My mother was jealous of me. Mama would often take me to her rooms where there was a mirror. She would bid me sit up straight beside her before the looking glass. She peered from my face to her own as if searching my face for a history of herself. She was very pretty, but I was the more lovely. I say that only because it was a fact.

My mother also feared for me. She feared that I would become a woman who depended on her beauty and so did not develop her skills and talents. It was not enough to be beautiful, she said. A woman must be able to create beauty. Mama made sure I learned to weave straw, sew clothes, and crochet bags. These were all skills that might come in handy when beauty would not.

I do believe, however, that Mama’s stories also had their power. Their telling was also a skill, albeit one only displayed for me. The story of the Duene was used to warn me. If a woman was not self-possessed, she was in danger of the wildness. I knew my mother suffered from this. Episodes, we called them. Papa described the episodes as a bit of rebellion and impetuousness. My mother, as everyone knew, had run away from her island of Anegada to marry my father. She had barely known Papa. Mama had wild and wandering tendencies. I always knew I had the same.

In order to tell her story, Mama would sit in her rocking chair. It was a fine rocker, made by hand from a strong stick of mahogany. It was one of the things I was most sorry to see go when the drowned lands took my father. In the big drawing room, lamps would flicker about us. Our shadows would reach long behind our backs. Often, Miss Lady stood over me braiding my hair for bed. My father would sip a short glass of rum and watch my
hair being tamed. I have always known that my real skill is my own beauty, despite what Mama said.

When Mama began to tell a story, Papa would rise and take a turn around the room. This would be terribly distracting to me. The sound of his sipping his drink made me want to place my own finger in his mouth. Now that I understand envy, I understand that perhaps he was jealous of this time that Mama had with me.
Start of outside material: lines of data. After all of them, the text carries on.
(* If $G$ is an SSP group of length $5$ of $G(5,c)$-type, then $c\in\{4,5\}$; in particular there is no SSP group of $G(5,3)$-type.
   Context: Notation: $x^f$ is the image of $x$ under $f$; $[x,y]=x^{-1}y^{-1}xy$; $e$ is the identity. A triple $(G,H,f)$, where $H\le G$ and $f:H\to G$ is a homomorphism, is simple if the only subgroup $K\le H$ that is normal in $G$ and satisfies $K^f\le K$ is trivial. For such a triple put $G_0=G$, $H_0=H$, and for $k\ge1$, $G_k=(H_{k-1})^f$, $H_k=H\cap G_k$. Let $p$ be a prime or $\infty$. A polycyclic group $G$ is an SSP group with respect to $(G,H,f)$ if: (1) $f$ is injective; (2) each $(G_k,H_k,f|_{H_k})$ is a simple triple; (3) $H_k$ and $G_{k+1}$ are normal in $G_k$ and $G_k=H_kG_{k+1}$; (4) whenever $G_k$ is nontrivial, $G_k/H_k$ is cyclic of order $p$ (infinite cyclic if $p=\infty$). The length $n$ is the Hirsch length if $p=\infty$ and $\log_p|G|$ if $p$ is prime. A canonical basis of $G$ is a tuple $(a_1,\dots,a_n)$ with $a_1,\dots,a_{n-1}\in H$, $a_{i+1}=a_i^f$ for $1\le i\le n-1$, $G_i=\langle a_{i+1},\dots,a_n\rangle$ and $H_i=\langle a_{i+1},\dots,a_{n-1}\rangle$ for $0\le i\le n-1$. The cut-off point $c$ is the largest $s\in\{2,\dots,n\}$ with $[a_1,a_2]=\dots=[a_1,a_s]=e$; $G$ is then of $G(n,c)$-type. *)

(* abstract (possibly infinite) groups via mathcomp's
   [groupType] (boot/monoid.v); subsets of a group are Prop-valued predicates. *)
From HB Require Import structures.
From mathcomp Require Import all_boot monoid.

Set Implicit Arguments.
Unset Strict Implicit.
Unset Printing Implicit Defensive.

Local Open Scope group_scope.

Section SSP.

Variable gT : groupType.

Definition gset := gT -> Prop.

Definition subset (A B : gset) : Prop := forall x, A x -> B x.
Definition set_eq (A B : gset) : Prop := forall x, A x <-> B x.
Definition setI (A B : gset) : gset := fun x => A x /\ B x.
Definition setM (A B : gset) : gset := fun z => exists x y, A x /\ B y /\ z = x * y.
Definition image (f : gT -> gT) (A : gset) : gset := fun y => exists x, A x /\ f x = y.
Definition trivial_set (A : gset) : Prop := forall x, A x -> x = 1.

Definition subgroup (S : gset) : Prop :=
  S 1 /\ (forall x y, S x -> S y -> S (x * y)) /\ (forall x, S x -> S x^-1).

Definition normal_in (N G : gset) : Prop :=
  subgroup N /\ subgroup G /\ subset N G /\
  (forall g n, G g -> N n -> N (n ^ g)).

Definition generated (S : gset) : gset :=
  fun x => forall K, subgroup K -> subset S K -> K x.

Definition hom_on (H : gset) (f : gT -> gT) : Prop :=
  forall x y, H x -> H y -> f (x * y) = f x * f y.

Definition injective_on (H : gset) (f : gT -> gT) : Prop :=
  forall x y, H x -> H y -> f x = f y -> x = y.

Definition triple (G H : gset) (f : gT -> gT) : Prop :=
  subgroup G /\ subgroup H /\ subset H G /\ hom_on H f /\ subset (image f H) G.

Definition simple_triple (G H : gset) (f : gT -> gT) : Prop :=
  triple G H f /\
  forall K, subgroup K -> subset K H -> normal_in K G -> subset (image f K) K ->
    trivial_set K.

Fixpoint GHseq (G H : gset) (f : gT -> gT) (k : nat) : gset * gset :=
  match k with
  | 0 => (G, H)
  | k'.+1 => let G' := image f (GHseq G H f k').2 in (G', setI H G')
  end.
Definition Gk G H f k := (GHseq G H f k).1.
Definition Hk G H f k := (GHseq G H f k).2.

(* the quotient G/N (N normal in G) is cyclic, generated by the coset of g:
   every x in G lies in some coset g^m N, m an integer *)
Definition quot_gen (G N : gset) (g : gT) : Prop :=
  G g /\ forall x, G x -> exists m : nat, N (g ^- m * x) \/ N (g ^+ m * x).

(* p : option nat; [Some q] is a prime q, [None] stands for p = infinity *)
Definition prime_or_inf (p : option nat) : Prop :=
  match p with Some q => prime q | None => True end.

Definition quot_cyclic_of_order (p : option nat) (G N : gset) : Prop :=
  exists g, quot_gen G N g /\
    match p with
    | Some q => N (g ^+ q) /\ forall m, (0 < m < q)%N -> ~ N (g ^+ m)
    | None => forall m, (0 < m)%N -> ~ N (g ^+ m)
    end.

(* a subnormal series G = S 0 >= S 1 >= ... >= S m = 1 with cyclic factors;
   b i records whether the factor S i / S (i+1) is infinite *)
Definition cyclic_series (G : gset) (m : nat) (S : nat -> gset) (b : nat -> bool) : Prop :=
  set_eq (S 0) G /\ subgroup (S m) /\ trivial_set (S m) /\
  forall i, (i < m)%N ->
    normal_in (S i.+1) (S i) /\
    exists g, quot_gen (S i) (S i.+1) g /\
      (if b i then forall k, (0 < k)%N -> ~ S i.+1 (g ^+ k)
       else exists k, (0 < k)%N /\ S i.+1 (g ^+ k)).

Definition polycyclic (G : gset) : Prop :=
  exists m S b, cyclic_series G m S b.

Definition hirsch_length (G : gset) (n : nat) : Prop :=
  exists m S b, cyclic_series G m S b /\ count b (iota 0 m) = n.

Definition finite_of_order (G : gset) (N : nat) : Prop :=
  exists s : seq gT, uniq s /\ (forall x, G x <-> x \in s) /\ size s = N.

Definition ssp_length (p : option nat) (G : gset) (n : nat) : Prop :=
  match p with
  | Some q => finite_of_order G (q ^ n)%N
  | None => hirsch_length G n
  end.

Definition SSP (p : option nat) (G H : gset) (f : gT -> gT) : Prop :=
  prime_or_inf p /\ polycyclic G /\
  injective_on H f /\
  forall k,
    simple_triple (Gk G H f k) (Hk G H f k) f /\
    normal_in (Hk G H f k) (Gk G H f k) /\
    normal_in (Gk G H f k.+1) (Gk G H f k) /\
    set_eq (Gk G H f k) (setM (Hk G H f k) (Gk G H f k.+1)) /\
    (~ trivial_set (Gk G H f k) -> quot_cyclic_of_order p (Gk G H f k) (Hk G H f k)).

(* canonical basis (a 1, ..., a n) of G (indices outside 1..n are irrelevant) *)
Definition canonical_basis (G H : gset) (f : gT -> gT) (n : nat) (a : nat -> gT) : Prop :=
  (forall i, (1 <= i <= n.-1)%N -> H (a i)) /\
  (forall i, (1 <= i <= n.-1)%N -> a i.+1 = f (a i)) /\
  (forall i, (i <= n.-1)%N ->
     set_eq (Gk G H f i) (generated (fun x => exists j, (i.+1 <= j <= n)%N /\ x = a j)) /\
     set_eq (Hk G H f i) (generated (fun x => exists j, (i.+1 <= j <= n.-1)%N /\ x = a j))).

Definition is_cutoff (n : nat) (a : nat -> gT) (c : nat) : Prop :=
  (2 <= c <= n)%N /\
  (forall s, (2 <= s <= c)%N -> [~ a 1%N, a s] = 1) /\
  ((c < n)%N -> [~ a 1%N, a c.+1] <> 1).

Definition of_Gnc_type (G H : gset) (f : gT -> gT) (n c : nat) : Prop :=
  exists a, canonical_basis G H f n a /\ is_cutoff n a c.

End SSP.

(* As f is injective
   on H, a relation among a 1, ..., a 4 holds iff its image under f does, and
   as G_4 = <a 5> is cyclic of prime or infinite order with H_4 = 1,
   a 5 ^ (j*j) = 1 forces a 5 ^ j = 1, hence a i ^ j = 1 for every i.
   If c = 2, then [a 3, a 5] lies in H /\ G_3 = H_3 = <a 4> (both H_2 and
   G_3 are normal in G_2), say it is a 4 ^ j; pulling back by f,
   [a 2, a 4] = a 3 ^ j.  Now a 3 is central in the normal subgroup H_1 of
   G_1, so a 2 commutes with [a 3, a 5] = a 4 ^ j, and
   a 3 ^ (j*j) = [a 2, a 4 ^ j] = 1.  Hence a 4 ^ j = 1, [a 2, a 4] = 1 and,
   pulling back once more, [a 1, a 3] = 1, contradicting c = 2.  If c = 3, the
   same argument one level up writes [a 2, a 5] = a 3 ^ s * a 4 ^ t in H_2 and
   kills first t, then s, giving [a 1, a 4] = 1. *)

From Pilot Require Import Defs.
From HB Require Import structures.
From mathcomp Require Import all_boot monoid ssralg ssrint zify.

Set Implicit Arguments.
Unset Strict Implicit.
Unset Printing Implicit Defensive.

Local Open Scope group_scope.

Section IntegerPowers.
Variable gT : groupType.
Implicit Types x y b c : gT.

(* Integer powers; groupType only provides nat powers x ^+ n. *)
Definition expgz x (k : int) : gT :=
  match k with Posz n => x ^+ n | Negz n => x ^- n.+1 end.

Lemma expgzS x k : expgz x (k + 1)%R = expgz x k * x.
Proof.
case: k => [n|[|n]].
- have -> : (Posz n + 1)%R = Posz n.+1 by lia.
  by rewrite /= expgSr.
- have -> : (Negz 0 + 1)%R = Posz 0 by lia.
  by rewrite /= expg1 mulVg.
have -> : (Negz n.+1 + 1)%R = Negz n by lia.
by rewrite /= [x ^+ n.+2]expgS invgM mulgVK.
Qed.

Lemma expgzD x m n : expgz x (m + n)%R = expgz x m * expgz x n.
Proof.
elim/int_rect: n => [|n IH|n IH].
- by rewrite GRing.addr0 mulg1.
- have -> : Posz n.+1 = (Posz n + 1)%R by lia.
  by rewrite GRing.addrA !expgzS IH mulgA.
have shift k : expgz x (k - 1)%R = expgz x k * x^-1.
  by rewrite -[in RHS](GRing.subrK 1%R k) expgzS mulgK.
rewrite (_ : (- Posz n.+1)%R = (- Posz n - 1)%R); last by lia.
by rewrite GRing.addrA !shift IH mulgA.
Qed.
With his free hand Papa would stroke his earlobe. When on his stroll, he would arrive at the door and lean against the chest where Mama displayed her treasured porcelain figurines. Then he would slip out of the room.

Mama never asked if I wanted to hear a story. She would be unassumingly sewing an accent onto a dress and then she would look up at me. She began with the female Duene who live in the sea of the Anegada Passage. They sink ships with their singing. They are tall with thin angular legs that push like fish through the water. On parts of their bodies they have scales the colours of precious metal. This hides a bit of their bursting beauty when they come to land.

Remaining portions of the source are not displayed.